The navy struggled to maintain the minimum deployable fleets for both types throughout 2017, the report says.


However, the Sea Lynx's operational readiness rate of six aircraft, or 32% – based on an average availability of 19 helicopters – is seen as an improvement on previous years, where the navy has struggled to achieve even that modest total: figures for 2015 and 2016 were four and five helicopters, respectively.

"The operational needs for at least six aircraft for deployment and training were largely met in 2017 for the first time," the defence ministry notes.

Germany is in the early stages of identifying a replacement for the Sea Lynx fleet, with a retirement deadline of 2025.

Although a replacement for the Sea King has been selected – the in-development NH Industries NH90 Sea Lion – first deliveries in 2019 cannot come soon enough.

"The [low] material readiness is due to the age of the helicopters, which can only be maintained with great effort. In particular, the procurement of spare parts is a challenge," the report says, explaining the average readiness level of 31%, or five of the 16 aircraft available, against a minimum figure of six.

However, the type must struggle on until 2023. In the meantime, the navy must give "priority" to its efforts to close any capability gap presented by the aged fleet.

It is a similar story for the Luftwaffe's 72-strong fleet of Sikorsky CH-53G heavy-lift helicopters, which entered service in 1975. On average, 40 helicopters were available last year , of which 16, or 40%, were deployable.


"The material readiness of the weapon system has become increasingly age-affected," the defence ministry says, noting "the lack of availability of spare parts". The deployment of five aircraft to Afghanistan during 2017 created additional shortfalls in training and maintenance personnel, it notes.

Replacement of the CH-53s is due from 2023 under Germany's heavy-transport helicopter procurement.

The army has a different problem with the two newest rotorcraft in its inventory, the Airbus Helicopters Tiger and the troop transport variant of the NH90. The pair posted respective operational readiness levels of 31% and 35%.

Of the army's total stock of 52 Tigers, only 39 were available on average, with a scant 12 in a deployable state, the report reveals. It categorises the attack rotorcraft as a "non-operational weapon system" with 31 open recommendations – a figure halved from the previous year – still to be tackled by the army and industry. In particular, it highlights "spare part bottlenecks" as an area preventing further availability improvements. Four additional airframes will be delivered during 2018, it says.

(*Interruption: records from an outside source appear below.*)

Lemma quadratic_ge0_discr (a b c : R) :
  0 <= c -> (forall t, 0 <= a + 2 * t * b + t ^+ 2 * c) -> b ^+ 2 <= a * c.
Proof.
move=> c_ge0 hq; have [c_gt0|c_le0] := ltP 0 c.
  have := hq (- b / c).
  have -> : a + 2 * (- b / c) * b + (- b / c) ^+ 2 * c = (a * c - b ^+ 2) / c.
    by field; rewrite gt_eqF.
  by rewrite pmulr_lge0 ?invr_gt0 // subr_ge0.
have c0 : c = 0 by apply/eqP; rewrite eq_le c_le0 c_ge0.
rewrite c0 mulr0; have [-> | b_neq0] := eqVneq b 0; first by rewrite expr0n.
have := hq (- (a + 1) / (2 * b)); rewrite c0 mulr0 addr0.
have -> : 2 * (- (a + 1) / (2 * b)) * b = - (a + 1) by field.
by lra.
Qed.

(* Cauchy-Schwarz for the semi-inner product [(u, v) |-> u^T A v]. *)
Lemma self_adjoint_sqr_norm_le A v (M : R) : 0 <= M -> self_adjoint A ->
  (forall u, 0 <= qform A u) -> (forall u, qform A u <= M * dotv u u) ->
  dotv (A *m v) (A *m v) <= M * qform A v.
Proof.
move=> M_ge0 sA A_ge0 A_le.
set X := dotv (A *m v) (A *m v); set s := qform A v; set Q := qform A (A *m v).
have X_ge0 : 0 <= X by apply: dotvv_ge0.
have cs : X ^+ 2 <= s * Q.
  apply: quadratic_ge0_discr; first exact: A_ge0.
  move=> t; have := A_ge0 (v + t *: (A *m v)).
  rewrite !qformE mulmxDr -scalemxAr !dotvDl !dotvDr !dotvZl !dotvZr sA.
  rewrite (sA v) -/X -!qformE -/s -/Q.
  suff -> : s + 2 * t * X + t ^+ 2 * Q = s + t * X + (t * X + t * (t * Q)) by [].
  by ring.
have sQ : s * Q <= s * (M * X) by apply: ler_wpM2l; [exact: A_ge0 | exact: A_le].
have [X_gt0|X_le0] := ltP 0 X; last first.
  by apply: le_trans X_le0 _; rewrite mulr_ge0 // A_ge0.
rewrite -(ler_pM2r X_gt0) -expr2; apply: (le_trans cs); apply: (le_trans sQ).
by rewrite mulrA [s * M]mulrC.
Qed.

Lemma pos_def_solvable A (m : R) : 0 < m -> (forall v, m * dotv v v <= qform A v) ->
  forall b : 'cV[R]_d, exists q, A *m q = b.
Proof.
move=> m_gt0 A_ge b.
have A_unit : A \in unitmx.
  rewrite -unitmx_tr -row_free_unit; apply: inj_row_free => v vA0.
  have Av0 : A *m v^T = 0 by rewrite -[A]trmxK -trmx_mul vA0 linear0.
  have : m * dotv v^T v^T <= 0 by rewrite -(dotv0r v^T) -Av0 -qformE A_ge.
  rewrite pmulr_rle0 // => vv_le0.
  have vv0 : dotv v^T v^T = 0 by apply/eqP; rewrite eq_le vv_le0 dotvv_ge0.
  by rewrite -(trmxK v) (dotvv_eq0 vv0) linear0.
by exists (invmx A *m b); rewrite mulmxA mulmxV // mul1mx.
Qed.

End InnerProduct.

Section LineDerivatives.
Local Open Scope classical_set_scope.
Context {R : realType} {d : nat}.
Local Notation vec := 'cV[R]_d.

Lemma is_derive_line (W : normedModType R) (F : vec -> W) (x v : vec) (s : R) :
  differentiable F (x + s *: v) ->
  is_derive s 1 (fun s => F (x + s *: v)) ('d F (x + s *: v) v).
Proof.
move=> dF.
have quotE : (fun h : R => h^-1 *: (((fun s => F (x + s *: v)) \o shift s) (h *: 1)
                - F (x + s *: v))) =
             (fun h : R => h^-1 *: ((F \o shift (x + s *: v)) (h *: v) - F (x + s *: v))).
  apply/funext => h /=; congr (_ *: (F _ - _)).
  by rewrite [h%:A]mulr1 scalerDl addrCA.
split; first by have := @diff_derivable _ _ _ _ _ v dF; rewrite /derivable quotE.
by rewrite /derive quotE -/(derive F (x + s *: v) v) deriveE.
Qed.

Lemma is_derive_dotvl (G : R -> vec) (dG v : vec) (s : R) :
  is_derive s 1 G dG -> is_derive s 1 (fun t => dotv (G t) v) (dotv dG v).
Proof.
move=> [dv dGE].
have coord i : is_derive s 1 (fun t => G t i 0) (dG i 0).
  split; first exact: ((derivable_mxP G s 1).1 dv i 0).
  by rewrite -dGE derive_mx // mxE.
have -> : (fun t => dotv (G t) v) = \sum_(i < d) (fun t => v i 0 *: G t i 0).
  rewrite fct_sumE; apply/funext => t.
  by apply: eq_bigr => i _; rewrite mulrC.
have -> : dotv dG v = \sum_(i < d) v i 0 *: dG i 0.
  by apply: eq_bigr => i _; rewrite mulrC.
by apply: is_derive_sum => i; apply: is_deriveZ.
Qed.

Lemma is_derive_continuous (F dF : R -> R) (a b : R) :
  (forall s, is_derive s (1 : R) F (dF s)) -> {within `[a, b], continuous F}.
Proof.
by move=> hF; apply: derivable_within_continuous => s _; have [] := hF s.
Qed.

(* Two applications of the mean value theorem to [phi s - psi 0 s - c s^2 / 2]. *)
Lemma taylor2_le (phi psi psi' : R -> R) (c : R) :
  (forall s, is_derive s (1 : R) phi (psi s)) ->
  (forall s, is_derive s (1 : R) psi (psi' s)) ->
  (forall s, 0 <= s <= 1 -> psi' s <= c) ->
  phi 1 <= phi 0 + psi 0 + c / 2.
Proof.
move=> dphi dpsi psi'_le.
pose Q1 := psi - cst (psi 0) - c \*: (@id R).
pose Q := phi - psi 0 \*: (@id R) - (c / 2) \*: ((@id R) * (@id R)).
have Q1E s : Q1 s = psi s - psi 0 - c * s by rewrite /Q1 !fctE.
have QE s : Q s = phi s - psi 0 * s - c / 2 * (s * s) by rewrite /Q !fctE.
have dQ s : is_derive s (1 : R) Q (Q1 s).
  by apply: is_derive_eq; rewrite Q1E /GRing.scale /= !mulr1; field.
have dQ1 s : is_derive s (1 : R) Q1 (psi' s - c).
  by apply: is_derive_eq; rewrite /GRing.scale /= mulr1 subr0.
have [xi xi01 Q10] := MVT (@ltr01 R) (fun s _ => dQ s) (is_derive_continuous dQ).
have [xi_gt0 xi_lt1] : 0 < xi /\ xi < 1 by rewrite !(itvP xi01).
have [eta eta0xi Q1xi] := MVT xi_gt0 (fun s _ => dQ1 s) (is_derive_continuous dQ1).
have Q1xi_le0 : Q1 xi <= 0.
  have eta01 : 0 <= eta <= 1.
    by rewrite !ltW ?(itvP eta0xi) // (lt_trans _ xi_lt1) ?(itvP eta0xi).
  have : Q1 xi - Q1 0 <= 0.
    by rewrite Q1xi mulr_le0_ge0 ?subr_le0 ?psi'_le // subr_ge0 ltW.
  by rewrite !Q1E; lra.
have : Q 1 - Q 0 <= 0 by rewrite Q10 mulr_le0_ge0 // subr_ge0 ler01.
by rewrite !QE; lra.
Qed.

Lemma taylor2_ge (phi psi psi' : R -> R) (c : R) :
  (forall s, is_derive s (1 : R) phi (psi s)) ->
  (forall s, is_derive s (1 : R) psi (psi' s)) ->
  (forall s, 0 <= s <= 1 -> c <= psi' s) ->
  phi 0 + psi 0 + c / 2 <= phi 1.
Proof.
move=> dphi dpsi psi'_ge.
have dNphi s : is_derive s (1 : R) (- phi) ((- psi) s).
  by apply: is_derive_eq; rewrite fctE.
have dNpsi s : is_derive s (1 : R) (- psi) ((- psi') s).
  by apply: is_derive_eq; rewrite fctE.
have psi'N_le s : 0 <= s <= 1 -> (- psi') s <= - c by move=> /psi'_ge; rewrite fctE lerN2.
by have := taylor2_le dNphi dNpsi psi'N_le; rewrite !fctE; lra.
Qed.

End LineDerivatives.

Section SmoothFunction.
Context {R : realType} {d : nat}.
Local Notation vec := 'cV[R]_d.
Variables (f : vec -> R) (g : vec -> vec) (H : vec -> 'M[R]_d).
Hypotheses (f_diff : forall x, differentiable f x)
  (f_grad : forall x v, 'd f x v = dotv (g x) v)
  (g_diff : forall x, differentiable g x)
  (g_hess : forall x v, 'd g x v = H x *m v).

Lemma is_derive_f_line x v s :
  is_derive s (1 : R) (fun s => f (x + s *: v)) (dotv (g (x + s *: v)) v).
Proof. by rewrite -f_grad; apply: is_derive_line. Qed.

Lemma is_derive_grad_line x w v s :
  is_derive s (1 : R) (fun s => dotv (g (x + s *: w)) v) (dotv (H (x + s *: w) *m w) v).
Proof. by apply: is_derive_dotvl; rewrite -g_hess; apply: is_derive_line. Qed.

Lemma second_difference_mixed x v w h : 0 < h -> exists a b, [/\ 0 < a < h, 0 < b < h &
  f (x + h *: w + h *: v) - f (x + h *: v) - f (x + h *: w) + f x =
  dotv (H (x + a *: v + b *: w) *m w) v * h * h].
Proof.
move=> h_gt0.
pose psi := (fun s => f (x + h *: w + s *: v)) - (fun s => f (x + s *: v)).
have dpsi s : is_derive s (1 : R) psi
    (dotv (g (x + h *: w + s *: v)) v - dotv (g (x + s *: v)) v).
  by apply: is_deriveB; apply: is_derive_f_line.
have [a a0h psiE] := MVT h_gt0 (fun s _ => dpsi s) (is_derive_continuous dpsi).
pose chi t := dotv (g ((x + a *: v) + t *: w)) v.
have dchi t : is_derive t (1 : R) chi (dotv (H ((x + a *: v) + t *: w) *m w) v).
  exact: is_derive_grad_line.
have [b b0h chiE] := MVT h_gt0 (fun s _ => dchi s) (is_derive_continuous dchi).
exists a, b; split; rewrite ?(itvP a0h) ?(itvP b0h) //.
rewrite -[h in _ * h * h]subr0 -chiE /chi scale0r addr0 -[x + a *: v + h *: w]addrAC.
move: psiE; rewrite /psi !fctE !scale0r !addr0 subr0 => <-.
by ring.
Qed.

Lemma mx_norm_entry_le (A : 'M[R]_d) i j : `|A i j| <= `|A|.
Proof.
rewrite [leRHS]/Num.Def.normr /= mx_normrE; apply/bigmax_geP; right => /=.
by exists (i, j).
Qed.

Definition l1norm (v : vec) : R := \sum_(i < d) `|v i 0|.

Lemma l1norm_ge0 v : 0 <= l1norm v.
Proof. by apply: sumr_ge0 => i _. Qed.

Lemma dotv_mulmx_le (A : 'M[R]_d) v w : `|dotv (A *m w) v| <= `|A| * l1norm w * l1norm v.
Proof.
rewrite /dotv [in leRHS]/l1norm mulr_sumr; apply: le_trans (ler_norm_sum _ _ _) _.
apply: ler_sum => i _; rewrite normrM mxE ler_wpM2r //.
rewrite /l1norm mulr_sumr; apply: le_trans (ler_norm_sum _ _ _) _.
by apply: ler_sum => j _; rewrite normrM ler_wpM2r // mx_norm_entry_le.
Qed.

Hypothesis H_cont : continuous H.

Lemma dotv_hessian_near x v w e : 0 < e -> exists2 r, 0 < r &
  forall y, `|x - y| < r -> `|dotv (H x *m w) v - dotv (H y *m w) v| <= e.
Proof.
move=> e_gt0; set C := l1norm w * l1norm v + 1.
have C_gt0 : 0 < C by rewrite ltr_wpDl ?mulr_ge0 ?l1norm_ge0.
have /cvgrPdist_lt /(_ (e / C)) := @H_cont x.
move=> /(_ (divr_gt0 e_gt0 C_gt0)) /nbhs_normP [r r_gt0 Hnear].
exists r => // y xy_lt; rewrite -dotvBl -mulmxBl.
apply: le_trans (dotv_mulmx_le _ _ _) _; rewrite -mulrA.
apply: le_trans (ler_wpM2r _ (ltW (Hnear y xy_lt))) _.
  by rewrite mulr_ge0 ?l1norm_ge0.
by rewrite mulrAC ler_pdivrMr // ler_wpM2l ?(ltW e_gt0) // lerDl.
Qed.

(* Schwarz's theorem: the mixed second difference quotient tends to both
   [v^T H(x) w] and [w^T H(x) v]. *)
Lemma hessian_self_adjoint x : self_adjoint (H x).
Proof.
suff Hsym v w : dotv (H x *m w) v = dotv (H x *m v) w.
  by move=> u v; rewrite dotvC Hsym dotvC.
apply/eqP; rewrite -subr_eq0 -normr_le0; apply/ler_addgt0Pr => e e_gt0.
have e2_gt0 : 0 < e / 2 by rewrite divr_gt0.
have [r1 r1_gt0 near1] := dotv_hessian_near x v w e2_gt0.
have [r2 r2_gt0 near2] := dotv_hessian_near x w v e2_gt0.
set r := Num.min r1 r2; have r_gt0 : 0 < r by rewrite lt_min r1_gt0.
have [r_le1 r_le2] : r <= r1 /\ r <= r2 by rewrite !ge_min !lexx orbT.
have [h h_gt0 h_lt] : exists2 h, 0 < h & h * (`|v| + `|w|) < r.
  have N_gt0 : 0 < `|v| + `|w| + 1 by rewrite ltr_wpDl ?addr_ge0.
  exists (r / (`|v| + `|w| + 1)); first by rewrite divr_gt0.
  by rewrite mulrAC ltr_pdivrMr // ltr_pM2l // ltrDl.
have close a b (p q : vec) : 0 < a < h -> 0 < b < h -> `|p| + `|q| = `|v| + `|w| ->
    `|x - (x + a *: p + b *: q)| < r.
  move=> /andP[a_gt0 a_lth] /andP[b_gt0 b_lth] pqE.
  rewrite -addrA opprD addrA subrr sub0r normrN.
  apply: le_lt_trans (ler_normD _ _) _; rewrite !normrZ !ger0_norm ?ltW //.
  by apply: le_lt_trans h_lt; rewrite -pqE mulrDr lerD // ler_wpM2r // ltW.
have [a [b [a0h b0h Evw]]] := second_difference_mixed x v w h_gt0.
have [a' [b' [a0h' b0h' Ewv]]] := second_difference_mixed x w v h_gt0.
have D12 : dotv (H (x + a *: v + b *: w) *m w) v = dotv (H (x + a' *: w + b' *: v) *m v) w.
  apply: (mulIf (mulf_neq0 (lt0r_neq0 h_gt0) (lt0r_neq0 h_gt0))); rewrite /= !mulrA -Evw -Ewv.
  by rewrite [x + h *: w + h *: v]addrAC; ring.
have d1 := near1 _ (lt_le_trans (close _ _ _ _ a0h b0h erefl) r_le1).
have d2 := near2 _ (lt_le_trans (close _ _ _ _ a0h' b0h' (addrC _ _)) r_le2).
rewrite distrC D12 in d1.
set D := dotv (H (x + a' *: w + b' *: v) *m v) w in d1 d2.
have -> : dotv (H x *m w) v - dotv (H x *m v) w =
  (D - dotv (H x *m v) w) - (D - dotv (H x *m w) v) by ring.
rewrite add0r (splitr e); apply: le_trans (ler_normB _ _) _.
by rewrite distrC; apply: lerD.
Qed.

Variables (lmin lmax : R).
Hypothesis H_bounds : forall x, loewner_le lmin%:M (H x) /\ loewner_le (H x) lmax%:M.

Lemma f_le_quadratic x v : f (x + v) <= f x + dotv (g x) v + lmax / 2 * dotv v v.
Proof.
have := taylor2_le (c := lmax * dotv v v) (is_derive_f_line x v) (is_derive_grad_line x v v).
rewrite scale1r scale0r addr0 mulrAC; apply => s _.
by rewrite dotvC -qformE; apply: loewner_le_scalar_r; exact: (H_bounds _).2.
Qed.

Lemma f_ge_quadratic x v : f x + dotv (g x) v + lmin / 2 * dotv v v <= f (x + v).
Proof.
have := taylor2_ge (c := lmin * dotv v v) (is_derive_f_line x v) (is_derive_grad_line x v v).
rewrite scale1r scale0r addr0 mulrAC; apply => s _.
by rewrite dotvC -qformE; apply: loewner_le_scalar_l; exact: (H_bounds _).1.
Qed.

Lemma armijo_fail_lb beta x p nu : 0 < nu -> ~ armijo f g beta x p nu ->
  (1 - beta) * - dotv (g x) p < lmax / 2 * (nu * dotv p p).
Proof.
move=> nu_gt0 /negP; rewrite -ltNge => fail.
have := f_le_quadratic x (nu *: p); rewrite dotvZr dotvZl dotvZr => up.
rewrite -(ltr_pM2l nu_gt0); have := lt_le_trans fail up.
suff -> : nu * (lmax / 2 * (nu * dotv p p)) = lmax / 2 * (nu * (nu * dotv p p)) by lra.
by ring.
Qed.

Hypotheses (lmin_gt0 : 0 < lmin) (lmin_le_lmax : lmin <= lmax).

(* Polyak-Lojasiewicz: minimize the strong-convexity lower bound over [y]. *)
Lemma f_sub_le_sqr_grad x y : f x - f y <= dotv (g x) (g x) / (2 * lmin).
Proof.
have sq_ge0 := dotvv_ge0 (g x + lmin *: (y - x)).
rewrite !dotvDl !dotvDr !dotvZl !dotvZr (dotvC (y - x) (g x)) in sq_ge0.
have := f_ge_quadratic x (y - x); rewrite (addrC x) subrK.
set G := dotv (g x) (g x) in sq_ge0 *; set A := dotv (g x) (y - x) in sq_ge0 *.
set B := dotv (y - x) (y - x) in sq_ge0 *.
move=> f_ge; rewrite ler_pdivlMr ?mulr_gt0 //.
have : (f x - f y) * (2 * lmin) <= (- A - lmin / 2 * B) * (2 * lmin).
  by rewrite ler_pM2r ?mulr_gt0 //; lra.
have -> : (- A - lmin / 2 * B) * (2 * lmin) = - (2 * (lmin * A)) - lmin * (lmin * B).
  by field.
by lra.
Qed.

An average of 13 NH90s were deployable during 2017, the report says, from a total fleet of 58, of which 37 were typically available.

"The low material commitment is still due to the high number of pre-production helicopters, missing spare parts and, in particular, a lack of military and industrial capacity to carry out the limited maintenance and inspection measures," the defence ministry explains, using identical wording to its 2016 report.

However, it notes a "positive trend" in operational readiness for the platform – up from just over 30% a year earlier – thanks to a centralised army effort focused on the entire helicopter inventory.

There is some good praise for the rotorcraft industry in the report, however: the air force's newly purchased fleet of 15 H145Ms achieved a deployability rate of about 77%, or 10 aircraft.


"The good readiness level was particularly due to the high reliability, easy maintainability and good industrial performance of this weapon system, attributed to its civil helicopter origins," the report says.

Criticism is not solely reserved for the rotorcraft fleet, however, as the report's authors also direct their fire at a number of fixed-wing aircraft.

These include the air force's Airbus Defence & Space A400Ms, which boasted a deployability rate of 38%, or just three of the service's 15-aircraft total.


The "low and well-below expectations material operational readiness" of the tactical transport was due to a "core of complex, unpredictable maintenance issues, which were also caused by quality defects," the defence ministry says.

For the Eurofighter combat aircraft, an average of 81 of a total 128 aircraft were available, of which 39, or 48%, were deployable. This "unsatisfactory ratio of assets to total inventory" was unchanged from the previous year and was pinned on a lack of spare parts and long-term maintenance issues.